Lemma robust_step s t : W s t ->
  lab s = lab t /\ exists w, coupling (tau s) (tau t) w /\ support_in w W.
Proof.
move=> [P [P_policy P_reach]].
have labst : lab s = lab t := reaches_diag_lab P_policy P_reach.
split=> //; have [<-|st] := eqVneq s t.
  exists (diag (tau s)); split; first exact: coupling_diag.
  exact: support_diag robust_refl.
exists (P (s, t)); split; first exact: (policy_coupling P_policy (x := (s, t))).
move=> a b Pab; exists P; split=> //.
exact: (reaches_diag_succ (policy_distr P_policy) P_reach st Pab).
Qed.

Lemma robust_sym s t : W s t -> W t s.
Proof.
apply: (robust_of_steerable tau_distr (X := fun a b => W b a)).
by move=> a b /robust_steerable [n st]; exists n; exact: steerable_sym.
Qed.

(* Glue each step of the path with a coupling witnessing [W] at the second
   component. *)
Lemma steerable_robust_comp n s t u : steerable W n s t -> W t u ->
  exists m, steerable (fun a c => exists b, W a b /\ W b c) m s u.
Proof.
move=> st; elim: st u => [{}n {}s|{}n {}s {}t w a b labst Cw suppw wab _ IH] u.
  move=> /robust_steerable [m st]; exists m; apply: steerable_sub st => a c Wac.
  by exists a; split; first exact: robust_refl.
move=> /robust_step [labtu [w' [Cw' suppw']]].
have [c wbc] := coupling_row_neq0 Cw' (coupling_neq0_r Cw wab).
have [m st_m] := IH c (suppw' _ _ wbc); exists m.+1.
apply: (steerable_step (etrans labst labtu) (coupling_glued Cw Cw')) st_m.
  move=> x z /(glued_neq0 Cw Cw') [y [wxy wyz]].
  by exists y; split; [exact: suppw | exact: suppw'].
by apply/(glued_neq0 Cw Cw'); exists b.
Qed.

Lemma robust_trans s t u : W s t -> W t u -> W s u.
Proof.
move=> Wst Wtu; pose WW a c := exists b, W a b /\ W b c.
apply: (robust_of_steerable tau_distr (X := WW)); last by exists t.
move=> a c [b [Wab Wbc]]; have [n st] := robust_steerable Wab.
exact: steerable_robust_comp st Wbc.
Qed.

Lemma robust_bisimulation : prob_bisimulation tau lab W.
Proof.
split; last exact: robust_step.
split; first exact: robust_refl.
by split; [exact: robust_sym | exact: robust_trans].
Qed.

End RobustBisimilarity.

Theorem lemma1 (R : realType) (S L : finType) (tau : S -> S -> R) (lab : S -> L)
    (HM : is_LMC tau lab) :
  prob_bisimulation tau lab (robust_bisimilar tau lab) /\
  (forall s t, robust_bisimilar tau lab s t -> bisimilar tau lab s t).
Proof.
have W_bisim := robust_bisimulation lab HM.1.
by split=> // s t Wst; exists (robust_bisimilar tau lab).
Qed.
Section ThresholdSpectrum.
Variables (R : realType) (n : nat) (a : 'I_n -> bool) (rho : R).
Hypothesis hrho : is_spectral_radius (thr_adjmx R a) rho.

Let A := thr_adjmx R a.
Let c : R := (thr_c a)%:R.
Let u : 'rV[R]_n := \row_i (a i)%:R.

Lemma thr_adjmx_sym : A^T = A.
Proof. by apply/matrixP => i j; rewrite !mxE /thr_adj orbC. Qed.

Lemma clique_norm : (u *m u^T) 0 0 = c.
Proof.
rewrite mxE /c /thr_c natr_card_set; under eq_bigr do rewrite !mxE.
by rewrite sum_mul_natr_bool; apply: eq_bigr => j ->.
Qed.

Lemma clique_row j : a j -> (u *m A) 0 j = c - 1.
Proof.
move=> aj; rewrite mxE; under eq_bigr do rewrite !mxE mulrC.
rewrite sum_mul_natr_bool /c /thr_c natr_card_set !(bigD1 j aj) /=.
rewrite /thr_adj ltnn /= add0r [1 + _]addrC addrK.
by apply: eq_bigr => i /andP[ai ij]; rewrite -/(thr_adj a i j) thr_adj_type1 // ij ai.
Qed.

Lemma clique_quadratic_form : (u *m A *m u^T) 0 0 = c * (c - 1).
Proof.
rewrite mxE; under eq_bigr do rewrite [u^T _ _]mxE [u _ _]mxE.
rewrite sum_mul_natr_bool (eq_bigr _ (fun j => @clique_row j)).
by rewrite /c /thr_c natr_card_set mulr_suml; under [RHS]eq_bigr do rewrite mul1r.
Qed.

Lemma thr_spectral_radius_ge : (0 < thr_c a)%N -> c - 1 <= rho.
Proof.
move=> c_gt0; have c_pos : 0 < c by rewrite ltr0n.
have u_neq0 : u != 0.
  case/card_gt0P: c_gt0 => i; rewrite inE => ai.
  by apply/eqP => /rowP/(_ i); rewrite !mxE ai; apply/eqP/oner_neq0.
have [l el] := symmetric_rayleigh_le thr_adjmx_sym u_neq0.
rewrite clique_quadratic_form clique_norm mulrC ler_pM2r // => cl.
exact: le_trans cl (le_trans (real_ler_norm (num_real l)) (hrho.2 l el)).
Qed.

Lemma thr_spectral_subeigenvector : exists w : 'I_n -> R, [/\ forall j, 0 <= w j,
  exists j, w j != 0 & forall j, rho * w j <= \sum_(i | thr_adj a i j) w i].
Proof.
have [l el <-] := hrho.1; have [v vA v_neq0] := eigenvalueP el.
exists (fun j => `|v 0 j|); split => [j | | j]; first exact: normr_ge0.
  have /existsP[j vj] : [exists j, v 0 j != 0].
    apply: contraNT v_neq0 => /existsPn v0; apply/eqP/rowP => j.
    by move: (v0 j); rewrite negbK mxE => /eqP.
  by exists j; rewrite normr_eq0.
apply: le_trans (eigenvector_norm_le j vA) _.
by under eq_bigr do rewrite mxE normr_nat; rewrite sum_mul_natr_bool.
Qed.

End ThresholdSpectrum.

Theorem theorem5p1 (R : realType) (n : nat) (a : 'I_n -> bool)
  (ha1 : forall i : 'I_n, nat_of_ord i = 0%N -> a i)
  (hn : (4 <= n)%N)
  (hconn : thr_connected a)
  (hm1 : (n.-1 < thr_size a)%N)
  (hm2 : (thr_size a < 'C(n, 2))%N)
  (rho xi : R)
  (hrho : is_spectral_radius (thr_adjmx R a) rho)
  (hxi : is_greatest_root
           ('X^3 - ((thr_c a)%:R + 1) *: 'X^2
            + ((thr_c a)%:R - (thr_sumb a)%:R) *: 'X
            + ((thr_c a)%:R * (thr_sumb a)%:R - (thr_F1 a)%:R)%:P) xi) :
  1 + rho <= xi.
Proof.
have c_gt0 : (0 < thr_c a)%N.
  have n_gt0 : (0 < n)%N by apply: leq_trans hn.
  by rewrite /thr_c card_gt0; apply/set0Pn; exists (Ordinal n_gt0); rewrite inE ha1.
have rho_ge0 : 0 <= rho by have [l _ <-] := hrho.1; exact: normr_ge0.
have [w [w_ge0 w_neq0 w_sub]] := thr_spectral_subeigenvector hrho.
apply: greatest_root_ge hxi; first by rewrite lead_coef_thr_cubic ltr01.
rewrite horner_thr_cubic subr_le0.
exact: thr_subeigenvector_bound w_ge0 w_neq0 rho_ge0 w_sub (thr_spectral_radius_ge hrho c_gt0).
Qed.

What is being asked: Among the records above, repeat exactly the line with "(* Glue each", the line with "move=> /robust_steerable [m", and every line in between, and only those.

Result of the task:
(* Glue each step of the path with a coupling witnessing [W] at the second
   component. *)
Lemma steerable_robust_comp n s t u : steerable W n s t -> W t u ->
  exists m, steerable (fun a c => exists b, W a b /\ W b c) m s u.
Proof.
move=> st; elim: st u => [{}n {}s|{}n {}s {}t w a b labst Cw suppw wab _ IH] u.
  move=> /robust_steerable [m st]; exists m; apply: steerable_sub st => a c Wac.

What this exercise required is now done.